● **Excerpted data**:

Lemma residE lam i : inner_row X i (extend0 lam) - y i = resid lam i.
Proof.
rewrite /inner_row big_ord_recl /extend0 unlift_none mulr0 add0r.
by congr (_ - _); apply: eq_bigr => j _; rewrite liftK mxE.
Qed.

Definition normal_eq w lam :=
  forall u, \sum_i w i * resid lam i * inner_row X i u = 0.

Definition feasible w := exists lam, normal_eq w lam.

Lemma normal_eq_coord w lam :
  (forall j, \sum_i w i * resid lam i * X i j = 0) -> normal_eq w lam.
Proof.
by move=> eq0 u; rewrite sum_mul_inner_row big1 // => j _; rewrite eq0 mul0r.
Qed.

Lemma OLS_extend0P w lam : (forall i, 0 <= w i) ->
  OLS X y w (extend0 lam) <-> normal_eq w lam.
Proof.
move=> w_ge0; rewrite OLS_normalP //.
have E u : \sum_i w i * (inner_row X i (extend0 lam) - y i) * inner_row X i u =
           \sum_i w i * resid lam i * inner_row X i u.
  by apply: eq_bigr => i _; rewrite residE.
by split=> normal u; [rewrite -E | rewrite E]; exact: normal.
Qed.

Lemma feasibleP w : (forall i, 0 <= w i) ->
  (exists b, b ord0 = 0 /\ OLS X y w b) <-> feasible w.
Proof.
move=> w_ge0; split=> [[b [b0 b_OLS]] | [lam normal]].
  by exists (fun j => b (lift ord0 j)); rewrite -OLS_extend0P // extend0_lift.
by exists (extend0 lam); rewrite OLS_extend0P // /extend0 unlift_none.
Qed.

Lemma resid_energy_le w lam : (forall i, 0 <= w i) -> normal_eq w lam ->
  \sum_i w i * resid lam i ^+ 2 <= \sum_i w i * y i ^+ 2.
Proof.
move=> w_ge0 normal; rewrite -subr_ge0.
have fit i : inner_row X i (extend0 lam) = resid lam i + y i by rewrite -residE subrK.
have -> : \sum_i w i * y i ^+ 2 - \sum_i w i * resid lam i ^+ 2 =
    \sum_i w i * inner_row X i (extend0 lam) ^+ 2
    - 2 * \sum_i w i * resid lam i * inner_row X i (extend0 lam).
  by rewrite mulr_sumr -!sumrB; apply: eq_bigr => i _; rewrite fit; ring.
rewrite normal mulr0 subr0; apply: sumr_ge0 => i _.
by rewrite mulr_ge0 ?sqr_ge0.
Qed.

Lemma moment_eq_weight_diff w v lam u : normal_eq v lam ->
  (forall l, \sum_i w i * Xtilde X i l * inner_row X i u = 0) ->
  \sum_i w i * y i * inner_row X i u =
  \sum_i (v i - w i) * resid lam i * inner_row X i u.
Proof.
move=> normal orth.
have fitted : \sum_i w i * (\sum_l Xtilde X i l * lam l) * inner_row X i u = 0.
  transitivity (\sum_l lam l * \sum_i w i * Xtilde X i l * inner_row X i u).
    under eq_bigr do rewrite mulr_sumr mulr_suml.
    rewrite exchange_big; apply: eq_bigr => l _; rewrite mulr_sumr.
    by apply: eq_bigr => i _; ring.
  by rewrite big1 // => l _; rewrite orth mulr0.
have -> : \sum_i (v i - w i) * resid lam i * inner_row X i u =
    \sum_i v i * resid lam i * inner_row X i u
    - \sum_i w i * (\sum_l Xtilde X i l * lam l) * inner_row X i u
    + \sum_i w i * y i * inner_row X i u.
  by rewrite -sumrB -big_split /=; apply: eq_bigr => i _; rewrite /resid; ring.
by rewrite normal fitted subrr add0r.
Qed.

Lemma feasible_of_orth w :
  (forall u, (forall l, \sum_i w i * Xtilde X i l * inner_row X i u = 0) ->
     \sum_i w i * y i * inner_row X i u = 0) ->
  feasible w.
Proof.
move=> orth.
pose G : 'M[R]_(d, d.+1) := \matrix_(l, j) \sum_i w i * Xtilde X i l * X i j.
pose m : 'rV[R]_d.+1 := \row_j \sum_i w i * y i * X i j.
have /submxP [x mE] : (m <= G)%MS.
  apply: submx_of_orth => c Gc0; apply/matrixP => i k; rewrite !ord1 [RHS]mxE.
  have -> : (m *m c) 0 0 = \sum_i w i * y i * inner_row X i (fun j => c j 0).
    by rewrite sum_mul_inner_row mxE; apply: eq_bigr => j _; rewrite mxE.
  apply: orth => l; rewrite sum_mul_inner_row.
  move/matrixP/(_ l 0): Gc0; rewrite !mxE => Gc0; rewrite -[RHS]Gc0.
  by apply: eq_bigr => j _; rewrite /G mxE.
exists (fun l => x 0 l); apply: normal_eq_coord => j.
move/matrixP/(_ 0 j): mE; rewrite !mxE => mj.
transitivity (\sum_l x 0 l * G l j - \sum_i w i * y i * X i j); last first.
  by rewrite -mj subrr.
under [X in _ = X - _]eq_bigr do rewrite mxE mulr_sumr.
rewrite exchange_big -sumrB; apply: eq_bigr => i _; rewrite /resid.
rewrite mulrBr mulrBl mulr_sumr mulr_suml; congr (_ - _).
by apply: eq_bigr => l _; ring.
Qed.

● **What the task requires**: Write out again, unchanged, every line from the line containing "have /submxP [x mE] : (m <= G)%MS." to the final line of the material above.

● **Exercise answer**:
have /submxP [x mE] : (m <= G)%MS.
  apply: submx_of_orth => c Gc0; apply/matrixP => i k; rewrite !ord1 [RHS]mxE.
  have -> : (m *m c) 0 0 = \sum_i w i * y i * inner_row X i (fun j => c j 0).
    by rewrite sum_mul_inner_row mxE; apply: eq_bigr => j _; rewrite mxE.
  apply: orth => l; rewrite sum_mul_inner_row.
  move/matrixP/(_ l 0): Gc0; rewrite !mxE => Gc0; rewrite -[RHS]Gc0.
  by apply: eq_bigr => j _; rewrite /G mxE.
exists (fun l => x 0 l); apply: normal_eq_coord => j.
move/matrixP/(_ 0 j): mE; rewrite !mxE => mj.
transitivity (\sum_l x 0 l * G l j - \sum_i w i * y i * X i j); last first.
  by rewrite -mj subrr.
under [X in _ = X - _]eq_bigr do rewrite mxE mulr_sumr.
rewrite exchange_big -sumrB; apply: eq_bigr => i _; rewrite /resid.
rewrite mulrBr mulrBl mulr_sumr mulr_suml; congr (_ - _).
by apply: eq_bigr => l _; ring.
Qed.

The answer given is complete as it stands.